Go over the entries below line by line, copying each one that contains the word "rewrite".

* _Extracted material_
Segment Open

Lemma Blam_dot b : Blam R P cor Om1 b <-> exists a, Blam R P cor Om a /\ b = w *m a.
Proof.
split=> [[/Rlam_pos_dot [a [Ha ->]] notsum] | [a [[Ha notsum] ->]]].
  exists a; split => //; split => // [[a1 [a2 [H1 [H2 e]]]]].
  apply: notsum; exists (w *m a1), (w *m a2).
  split; first by apply/Rlam_pos_dot; exists a1.
  split; first by apply/Rlam_pos_dot; exists a2.
  by rewrite e mulmxDr.
split; first by apply/Rlam_pos_dot; exists a.
move=> [_ [_ [/Rlam_pos_dot [a1 [H1 ->]] [/Rlam_pos_dot [a2 [H2 ->]] e]]]].
apply: notsum; exists a1, a2; split => //; split => //.
by apply: (in_W_mulmx_inj wW); rewrite mulmxDr.
Qed.

Lemma Wlam_mulmx u : Wlam R P cor Om1 u -> Wlam R P cor Om (u *m w).
Proof.
move=> [uW uB]; split; first exact: in_W_mul.
by move=> a Ha; rewrite -mulmxA; apply: uB; apply/Blam_dot; exists a.
Qed.

End Transport.
End PositiveSystem.
End RootSystem.

Theorem mainTheorem18 (F : closedFieldType) (hchar : [pchar F] =i pred0)
    (r : nat) (R P : seq 'cV[F]_r) (cor : 'cV[F]_r -> 'cV[F]_r)
    (hR : root_system R cor) (hP : positive_system R P)
    (Om Om1 : {mpoly F[r]} -> Prop)
    (pOm : prime_ideal Om) (pOm1 : prime_ideal Om1) (v : 'M[F]_r) :
  (forall f, Om1 f <-> dot_set P v Om f) -> Wlam R P cor Om v ->
  (forall b, Blam R P cor Om1 b <-> exists a, Blam R P cor Om a /\ b = v *m a) /\
  (forall u : 'M[F]_r, Wlam R P cor Om1 u -> Wlam R P cor Om (u *m v)).
Proof.
move=> Om1E [vW vB].
have [P_uniq [D [_ _ D_free root_nat_span posE]]] := hP.
have OmN f : Om f -> Om (- f).
  by case: pOm => _ _ OmM _ _ Of; rewrite -mulN1r; apply: OmM.
split=> [b | u].
- exact: (Blam_dot hchar hR P_uniq D_free root_nat_span posE vW Om1E OmN vB).
- exact: (Wlam_mulmx hchar hR P_uniq D_free root_nat_span posE vW Om1E OmN vB).
Qed.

Segment Closed

* _Response to the task_
  by rewrite e mulmxDr.
by apply: (in_W_mulmx_inj wW); rewrite mulmxDr.
by move=> a Ha; rewrite -mulmxA; apply: uB; apply/Blam_dot; exists a.
  by case: pOm => _ _ OmM _ _ Of; rewrite -mulN1r; apply: OmM.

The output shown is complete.